_TASK DIRECTIONS_
Below are entries. Pull out all lines containing "ring".

_Stored data_

★ ★ ★ ★

Lemma count_pair_complement (i j : 'I_v) : i != j ->
  \sum_(k | (k != i) && (k != j)) 1 = v%:Z - 2.
Proof.
move=> ij; have : \sum_(k < v) (1 : int) = v%:Z by rewrite sumr_const card_ord natz.
rewrite (bigD1 i) //= (bigD1 j) /=; last by rewrite eq_sym.
by move=> <-; ring.
Qed.

Lemma triples_constant (c : int) : c = 1 \/ c = -1 -> p = c * (v%:Z - 2) ->
  forall i j k, i != j -> j != k -> k != i -> s i j * s j k * s k i = c.
Proof.
move=> c_sign p_ext i j k ij jk ki.
have kij : (k != i) && (k != j) by rewrite ki eq_sym jk.
have signs l : (l != i) && (l != j) ->
    s i j * s j l * s l i = 1 \/ s i j * s j l * s l i = -1.
  by case/andP=> li lj; apply: triple_sign; rewrite // eq_sym.
have := triple_sum ij; rewrite p_ext -(count_pair_complement ij).
by move/(sum_signs_const c_sign signs); apply.
Qed.

Section Bipartition.

Variable f : 'I_v -> bool.
Hypothesis s_part : forall i j, i != j -> f i = f j -> s i j = 1.

Let part b := [set k | f k == b].

Lemma part_neq b x y : x \in part b -> y \in part (~~ b) -> x != y.
Proof.
rewrite !inE => /eqP fx /eqP fy; apply/eqP => xy.
by move: fy; rewrite -xy fx; case: (b).
Qed.

Lemma card_parts b : #|part b|%:Z + #|part (~~ b)|%:Z = v%:Z.
Proof.
have -> : part (~~ b) = ~: part b by apply/setP => k; rewrite !inE; case: (f k); case: b.
by rewrite -PoszD cardsC card_ord.
Qed.

Lemma sum_parts b (F : 'I_v -> int) :
  \sum_k F k = \sum_(k in part b) F k + \sum_(k in part (~~ b)) F k.
Proof.
rewrite (bigID (mem (part b))) /=; congr (_ + _); apply: eq_bigl => k.
by rewrite !inE; case: (f k); case: b.
Qed.

Lemma sum_part_one b : \sum_(k in part b) 1 = #|part b|%:Z.
Proof. by rewrite sumr_const natz. Qed.

Lemma sum_part_row b z (g : 'I_v -> int) : z \in part b ->
  \sum_(k in part b) s z k * g k = \sum_(k in part b) g k - g z.
Proof.
move=> zb; rewrite (bigD1 z) //= [in RHS](bigD1 z) //= s_diag mul0r add0r.
rewrite addrAC subrr add0r; apply: eq_bigr => k /andP[kb kz].
by rewrite s_part ?mul1r // 1?eq_sym //; move: zb kb; rewrite !inE => /eqP-> /eqP->.
Qed.

Lemma cross_sign b x k : x \in part b -> k \in part (~~ b) -> s x k = 1 \/ s x k = -1.
Proof. by move=> xb kb; apply: s_sign; apply: part_neq kb. Qed.

Definition cross_dot b x x' := \sum_(k in part (~~ b)) s x k * s x' k.

Lemma same_part_sum b x x' : x \in part b -> x' \in part b -> x != x' ->
  p = #|part b|%:Z - 2 + cross_dot b x x'.
Proof.
move=> xb x'b xx'.
have fxx' : f x = f x' by move: xb x'b; rewrite !inE => /eqP-> /eqP->.
have := s_regular xx'; rewrite s_part // mulr1 (sum_parts b) sum_part_row // => <-.
congr (_ + _); last by apply: eq_bigr => k _; rewrite (s_sym k x').
under eq_bigr do rewrite s_sym -[s x' _]mulr1.
by rewrite sum_part_row // s_part // sum_part_one; ring.
Qed.

Lemma cross_dot_abs b x x' : x \in part b -> x' \in part b ->
  `|cross_dot b x x'| <= #|part (~~ b)|%:Z.
Proof.
move=> xb x'b; apply: le_trans (ler_norm_sum _ _ _) _.
rewrite -sum_part_one; apply: ler_sum => k kb.
by case: (cross_sign xb kb) => ->; case: (cross_sign x'b kb) => ->.
Qed.

Lemma sum_three_rows b x1 x2 x3 :
  x1 \in part b -> x2 \in part b -> x3 \in part b ->
  0 <= 3 * #|part (~~ b)|%:Z +
       2 * (cross_dot b x1 x2 + cross_dot b x1 x3 + cross_dot b x2 x3).
Proof.
move=> x1b x2b x3b.
rewrite /cross_dot -sum_part_one -!big_split !mulr_sumr -big_split /=.
apply: sumr_ge0 => k kb.
by case: (cross_sign x1b kb) (cross_sign x2b kb) (cross_sign x3b kb)
  => [->|->] [->|->] [->|->].
Qed.

Definition cross_sum b x := \sum_(k in part (~~ b)) s x k.

Lemma cross_sum_pair b x y : x \in part b -> y \in part (~~ b) ->
  cross_sum b x + cross_sum (~~ b) y = (p + 2) * s x y.
Proof.
move=> xb yb; have := s_regular (part_neq xb yb).
rewrite (sum_parts b) sum_part_row // => reg.
have cross_y : \sum_(k in part b) s k y = cross_sum (~~ b) y.
  by rewrite /cross_sum negbK; apply: eq_bigr => k _; rewrite s_sym.
have cross_x : \sum_(k in part (~~ b)) s x k * s k y = cross_sum b x - s x y.
  by under eq_bigr => k _ do rewrite mulrC s_sym; rewrite sum_part_row.
by rewrite -cross_y -[cross_sum b x](addrNK (s x y)) -cross_x mulrDl -reg; ring.
Qed.

Section ParameterNotMinusTwo.

Hypothesis p2 : p + 2 != 0.

(* By [cross_sum_pair], (p + 2) s_xy splits as a function of x plus a
   function of y. *)
Lemma cross_rows_proportional b x x' y y' :
  x \in part b -> x' \in part b -> y \in part (~~ b) -> y' \in part (~~ b) ->
  s x y * s x' y = s x y' * s x' y'.
Proof.
move=> xb x'b yb y'b; apply: signs_mul_eq_of_add_eq;
  [exact: cross_sign xb yb | exact: cross_sign x'b yb |
   exact: cross_sign xb y'b | exact: cross_sign x'b y'b |].
apply: (mulfI p2); rewrite mulrDr [RHS]mulrDr.
rewrite -(cross_sum_pair xb yb) -(cross_sum_pair x'b y'b).
rewrite -(cross_sum_pair xb y'b) -(cross_sum_pair x'b yb).
by rewrite addrACA [RHS]addrACA [in RHS](addrC (cross_sum _ y')).
Qed.

Lemma same_part_sum_rank_one b x x' y :
  x \in part b -> x' \in part b -> x != x' -> y \in part (~~ b) ->
  p = #|part b|%:Z - 2 + #|part (~~ b)|%:Z * (s x y * s x' y).
Proof.
move=> xb x'b xx' yb; rewrite (same_part_sum xb x'b xx') -(sum_part_one (~~ b)) mulr_suml.
congr (_ + _); apply: eq_bigr => k kb.
by rewrite mul1r (cross_rows_proportional xb x'b yb kb).
Qed.

End ParameterNotMinusTwo.

Lemma extremal_of_p2_neq0 b : p + 2 != 0 -> (1 < #|part b|)%N ->
  p = v%:Z - 2 \/ p = 2 - v%:Z.
Proof.
move=> p2 m2; have vmn := card_parts b.
have [x [x' [xb x'b xx']]] := card_gt1P m2.
have [n0|/card_gt0P [y yb]] := posnP #|part (~~ b)|.
  left; have := cross_dot_abs xb x'b; rewrite n0 normr_le0 => /eqP D0.
  by rewrite (same_part_sum xb x'b xx') D0; lia.
have rank_one z z' : z \in part b -> z' \in part b -> z != z' ->
    p = #|part b|%:Z - 2 + #|part (~~ b)|%:Z * (s z y * s z' y).
  by move=> zb z'b zz'; exact: (same_part_sum_rank_one p2 zb z'b zz' yb).
case: (ltnP 2 #|part b|) => [m3|m_le2].
  have [x1 [x2 [x3 [[x1b x2b x3b] [x12 x23 x31]]]]] := card_gt2P m3.
  rewrite eq_sym in x31; left.
  have equal_rows z z' : z \in part b -> z' \in part b -> z != z' ->
      s z y * s z' y = 1 -> p = v%:Z - 2.
    by move=> zb z'b zz' prod1; rewrite (rank_one z z') // prod1 mulr1 -vmn; ring.
  case: (sign_pigeonhole (cross_sign x1b yb) (cross_sign x2b yb) (cross_sign x3b yb)).
  - exact: equal_rows x1b x2b x12.
  - exact: equal_rows x1b x3b x31.
  - exact: equal_rows x2b x3b x23.
have m2' : #|part b| = 2 by apply/eqP; rewrite eqn_leq m_le2.
have := rank_one _ _ xb x'b xx'; rewrite m2' -vmn m2'.
case: (cross_sign xb yb) (cross_sign x'b yb) => -> [] -> ->;
  [left | right | right | left]; ring.
Qed.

★ ★ ★ ★

_ANSWER_
by move=> <-; ring.
by rewrite sum_part_row // s_part // sum_part_one; ring.
by rewrite -cross_y -[cross_sum b x](addrNK (s x y)) -cross_x mulrDl -reg; ring.
    by move=> zb z'b zz' prod1; rewrite (rank_one z z') // prod1 mulr1 -vmn; ring.
  [left | right | right | left]; ring.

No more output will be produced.